* _Task brief_
In the material below, find the line containing "by case: n =>" and the line containing "move=> Qs_uniq memQs;", then reproduce exactly both of them and every line between, and nothing else.

BEGIN Exercise input

Lemma leq_ceil_root k n : 0 < k -> n <= ceil_root k n ^ k.
Proof.
move=> k_gt0; have has_root : has (fun r => n <= r ^ k) (iota 0 n.+1).
  apply/hasP; exists n; first by rewrite mem_iota leq0n add0n ltnSn.
  by case: n => // n; rewrite -{1}(expn1 n.+1); apply: leq_pexp2l.
have := nth_find 0 has_root; rewrite nth_iota ?add0n //.
by move: has_root; rewrite has_find size_iota.
Qed.

Lemma size_ksets (T : finType) (Qs : seq {set T}) k :
  uniq Qs -> (forall A, (A \in Qs) = (#|A| == k)) -> size Qs = 'C(#|T|, k).
Proof.
move=> Qs_uniq memQs; rewrite -card_draws -(card_uniqP Qs_uniq).
by apply: eq_card => A; rewrite inE memQs.
Qed.

Lemma ksets_index_unique (T : finType) (Qs : seq {set T}) k (A : {set T}) g g' :
    uniq Qs -> (forall B, B \in Qs -> #|B| = k) -> #|A| = k -> 0 < k ->
    A \subset nth set0 Qs g -> A \subset nth set0 Qs g' -> g = g'.
Proof.
move=> Qs_uniq Qs_card cardA k_gt0.
have nthE g0 : A \subset nth set0 Qs g0 -> g0 < size Qs /\ nth set0 Qs g0 = A.
  move=> subA; have lt_g0 : g0 < size Qs.
    rewrite ltnNge; apply: contraTN subA => /(nth_default set0) ->.
    by rewrite subset0 -cards_eq0 cardA -lt0n.
  split=> //; apply/esym/eqP.
  by rewrite eqEcard subA (Qs_card _ (mem_nth set0 lt_g0)) cardA leqnn.
move=> /nthE[lt_g Eg] /nthE[lt_g' Eg'].
by apply/eqP; rewrite -(nth_uniq set0 lt_g lt_g' Qs_uniq) Eg Eg'.
Qed.

Lemma card_inj_ord (T : finType) (A : {set T}) k :
  #|A| = k -> exists2 f : 'I_k -> T, injective f & forall i, f i \in A.
Proof. by move=> <-; exists enum_val; [apply: enum_val_inj | apply: enum_valP]. Qed.

Definition ord_of_cl (c : cl) : 'I_5 :=
  match c with
  | C6 => @Ordinal 5 0 isT | C7 => @Ordinal 5 1 isT | C8 => @Ordinal 5 2 isT
  | C9 => @Ordinal 5 3 isT | C10 => @Ordinal 5 4 isT
  end.

Definition cl_of_ord (i : 'I_5) : cl :=
  match val i with 0 => C6 | 1 => C7 | 2 => C8 | 3 => C9 | _ => C10 end.

Lemma ord_of_clK : cancel ord_of_cl cl_of_ord.
Proof. by case. Qed.

HB.instance Definition _ := Finite.copy cl (can_type ord_of_clK).

Lemma card_cl_lt_csize c : #|{: cl}| < csize c.
Proof.
apply: (@leq_ltn_trans 5); last by case: c.
by rewrite -[5]card_ord; apply: leq_card (can_inj ord_of_clK).
Qed.

Lemma csize_inj : injective csize.
Proof. by case; case. Qed.

Lemma csize_gt0 c : 0 < csize c.
Proof. by case: c. Qed.

Definition kappa (c : cl) : 'I_(csize c) := Ordinal (csize_gt0 c).

Lemma cc_ori_inj s o s' p : cc s o = cc s' (ori p) -> s = s' /\ o = ori p.
Proof. by case: s; case: o; case: s'; case: p. Qed.

Lemma cc_mid s o s' : cc s o = cc s' Omid -> o = Omid.
Proof. by case: s; case: o; case: s'. Qed.

Lemma ori_inj : injective ori.
Proof. by case; case. Qed.

Lemma ori_neq_mid p : ori p <> Omid.
Proof. by case: p. Qed.

Notation cvertex := {c : cl & 'I_(csize c)}.

Lemma card_tag_block c : #|[set x : cvertex | tag x == c]| = csize c.
Proof.
pose tag_c (j : 'I_(csize c)) : cvertex := Tagged _ j.
have tag_c_inj : injective tag_c by move=> j j' /eqP; rewrite eq_Tagged => /eqP.
suff -> : [set x : cvertex | tag x == c] = tag_c @: [set: 'I_(csize c)].
  by rewrite card_imset // cardsT card_ord.
apply/setP => -[c' j]; rewrite !inE; apply/eqP/imsetP => [/= ec|[j' _ ->] //].
by subst c'; exists j; rewrite ?inE.
Qed.

Definition HKt k (x : cvertex) : VH k := HK k (tagged x).

Lemma HKt_inj k : injective (HKt k).
Proof.
pose cvertexH (x : VH k) : option cvertex := if x is HK _ j then Some (Tagged _ j) else None.
by apply: (pcan_inj (g := cvertexH)); case.
Qed.

Section GraphG.

Variables (n m : nat) (Qs : seq {set 'I_m}) (ext : pab -> 'I_n -> 'I_n -> bool).
Local Notation adj := (adjG Qs ext).

Definition GKt (x : cvertex) : VG n m := GK n m (tagged x).

Definition cvertex_of (y : VG n m) : option cvertex :=
  if y is GK _ j then Some (Tagged _ j) else None.

(* [genG] by cases, used in place of inversion, which would need [eq_rect_eq]
   for the dependently typed clique indices. *)
Definition edgeG (y z : VG n m) : Prop :=
  match y, z with
  | GK c j, GK c' j' =>
      (c = c' /\ j <> j' :> nat) \/ [/\ c <> c', j = 0 :> nat & j' = 0 :> nat]
  | GU s j o, GU s' j' o' => [/\ s = s', j = j' & o <> o']
  | GF s p _, GK c j => c = cc s (ori p) /\ j = 0 :> nat
  | GU s _ o, GK c j => c = cc s o /\ j = 0 :> nat
  | GF s p i, GU s' j o => [/\ s = s', o = ori p & j \in nth set0 Qs i]
  | GF s p i, GF s' p' i' => [/\ s = Top, s' = Bot, p = p' & ext p i i']
  | _, _ => False
  end.

Lemma genG_edgeG y z : genG Qs ext y z -> edgeG y z.
Proof.
by case=> //= [c j j' ne_jj'|c c' j j' *]; [left; split=> // /val_inj | right].
Qed.

Lemma adjG_edgeG y z : adj y z -> edgeG y z \/ edgeG z y.
Proof. by case=> /genG_edgeG; [left | right]. Qed.

Lemma adjG_sym y z : adj y z -> adj z y.
Proof. by case; [right | left]. Qed.

Definition clique_of (y : VG n m) : option cl := if y is GK c _ then Some c else None.

Definition inner (y : VG n m) : bool := if y is GK _ j then 0 < j else false.

Lemma inner_adjG y z : inner y -> adj y z -> clique_of z = clique_of y.
Proof.
case: y => // c j /= j_gt0 /adjG_edgeG.
case: z => [s p i|c' j'|s j' o] /=; try by case=> [|[_ j0]] //; rewrite j0 in j_gt0.
case.
- by case=> [[ec _]|[_ j0 _]]; [rewrite ec | rewrite j0 in j_gt0].
- by case=> [[ec _]|[_ _ j0]]; [rewrite ec | rewrite j0 in j_gt0].
Qed.

Definition colour (y : VG n m) : cl :=
  match y with
  | GK c _ => c
  | GF Top PA _ => C8 | GF Top PB _ => C6 | GF Bot PA _ => C6 | GF Bot PB _ => C7
  | GU Top _ Oa => C7 | GU Top _ Ob => C8 | GU Top _ Omid => C6
  | GU Bot _ Oa => C9 | GU Bot _ Ob => C10 | GU Bot _ Omid => C8
  end.

Lemma colour_edgeG y z : ~~ inner y -> ~~ inner z -> edgeG y z -> colour y != colour z.
Proof.
case: y => [s p i|c j|s j o]; case: z => [s' p' i'|c' j'|s' j' o'] //=.
- by move=> _ _ [-> -> <- _]; case: p.
- by move=> _ _ [ec _]; rewrite {}ec; case: s; case: p.
- by move=> _ _ [<- -> _]; case: s; case: p.
- rewrite -!leqNgt !leqn0 => /eqP j0 /eqP j'0.
  by case=> [[_ []]|[/eqP]] //; rewrite j0 j'0.
- by move=> _ _ [ec _]; rewrite {}ec; case: s; case: o.
- by move=> _ _ [<- _]; case: s; case: o; case: o'.
Qed.

Lemma colour_adjG y z : ~~ inner y -> ~~ inner z -> adj y z -> colour y != colour z.
Proof.
move=> y_out z_out /adjG_edgeG[/colour_edgeG-> //|/colour_edgeG].
by rewrite eq_sym; apply.
Qed.

Lemma clique_has_inner (T : finType) (f : T -> VG n m) :
  #|{: cl}| < #|T| -> (forall i j, i != j -> adj (f i) (f j)) -> exists i, inner (f i).
Proof.
move=> lt_cl f_clique; apply/existsP; apply: contraLR lt_cl.
rewrite negb_exists -leqNgt => /forallP f_out.
apply: (@leq_card _ _ (colour \o f)) => i j /= /eqP; apply: contraTeq => ne_ij.
exact: colour_adjG (f_out i) (f_out j) (f_clique i j ne_ij).
Qed.

Definition anchor (y : VG n m) : option cl :=
  match y with
  | GF s p _ => Some (cc s (ori p))
  | GK _ _ => None
  | GU s _ o => Some (cc s o)
  end.

Lemma kappa_adjG_anchor c y :
  clique_of y = None -> adj y (GK n m (kappa c)) -> anchor y = Some c.
Proof. by case: y => // [s p i|s j o] _ /adjG_edgeG /= [[->]|]. Qed.

Lemma GU_adjG_nonclique s j o y : clique_of y = None -> adj y (GU n s j o) ->
  (exists2 o', o' <> o & y = GU n s j o') \/
  (exists p (i : 'I_n), [/\ ori p = o, j \in nth set0 Qs i & y = GF m s p i]).
Proof.
case: y => [s' p i|//|s' j' o'] _ /adjG_edgeG /= [] //.
- by case=> -> -> jQ; right; exists p, i.
- by case=> -> -> ne; left; exists o'.
- by case=> -> -> ne; left; exists o' => // eo; apply: ne.
Qed.

End GraphG.

Section Embedding.

Variables (k n m : nat) (Qs : seq {set 'I_m}) (ext : pab -> 'I_n -> 'I_n -> bool).
Local Notation adj := (adjG Qs ext).
Local Notation HKt := (HKt k).
Local Notation GKt := (GKt n m).

Variable sigma : VH k -> VG n m.
Hypothesis sigma_inj : injective sigma.
Hypothesis sigma_hom : forall x y, adjH x y -> adj (sigma x) (sigma y).

Let sigma_gen x y : genH x y -> adj (sigma x) (sigma y).
Proof. by move=> xy; apply: sigma_hom; left. Qed.

Lemma sigma_clique c : exists c', forall j : 'I_(csize c), clique_of (sigma (HK k j)) = Some c'.
Proof.
have [j0 inner_j0] : exists j0 : 'I_(csize c), inner (sigma (HK k j0)).
  apply: (clique_has_inner (Qs := Qs) (ext := ext)); first by rewrite card_ord card_cl_lt_csize.
  by move=> j j' /eqP ne_jj'; apply/sigma_gen/gH_clique.
have [c' Ec'] : exists c', clique_of (sigma (HK k j0)) = Some c'.
  by case: (sigma _) inner_j0 => // c' j _; exists c'.
exists c' => j; have [<- //|ne_j0j] := eqVneq j0 j.
by rewrite -Ec'; apply: inner_adjG inner_j0 _; apply/sigma_gen/gH_clique/eqP.
Qed.

(* The permutation of clique vertices induced by sigma; the default [x] is
   never used, see [sigma_HKt]. *)
Definition csigma (x : cvertex) : cvertex := odflt x (cvertex_of (sigma (HKt x))).

Lemma sigma_HKt x : sigma (HKt x) = GKt (csigma x).
Proof.
case: x => c j; have [c' /(_ j)] := sigma_clique c.
by rewrite /csigma /HKt /=; case: (sigma _).
Qed.

Lemma csigma_inj : injective csigma.
Proof. by move=> x y e; apply/HKt_inj/sigma_inj; rewrite !sigma_HKt e. Qed.

Lemma clique_of_sigma x : clique_of (sigma (HKt x)) = Some (tag (csigma x)).
Proof. by rewrite sigma_HKt. Qed.

Lemma tag_csigma x : tag (csigma x) = tag x.
Proof.
apply: inj_block_fixed csigma_inj _ _ x => [[c j] [c' j'] /= ec|x' y'].
  subst c'; have [c' Ec'] := sigma_clique c.
  have := clique_of_sigma (existT _ c j); have := clique_of_sigma (existT _ c j').
  by rewrite /= !Ec' => -[<-] [<-].
by rewrite !card_tag_block => /csize_inj.
Qed.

END Exercise input

* _Exercise output_
  by case: n => // n; rewrite -{1}(expn1 n.+1); apply: leq_pexp2l.
have := nth_find 0 has_root; rewrite nth_iota ?add0n //.
by move: has_root; rewrite has_find size_iota.
Qed.

Lemma size_ksets (T : finType) (Qs : seq {set T}) k :
  uniq Qs -> (forall A, (A \in Qs) = (#|A| == k)) -> size Qs = 'C(#|T|, k).
Proof.
move=> Qs_uniq memQs; rewrite -card_draws -(card_uniqP Qs_uniq).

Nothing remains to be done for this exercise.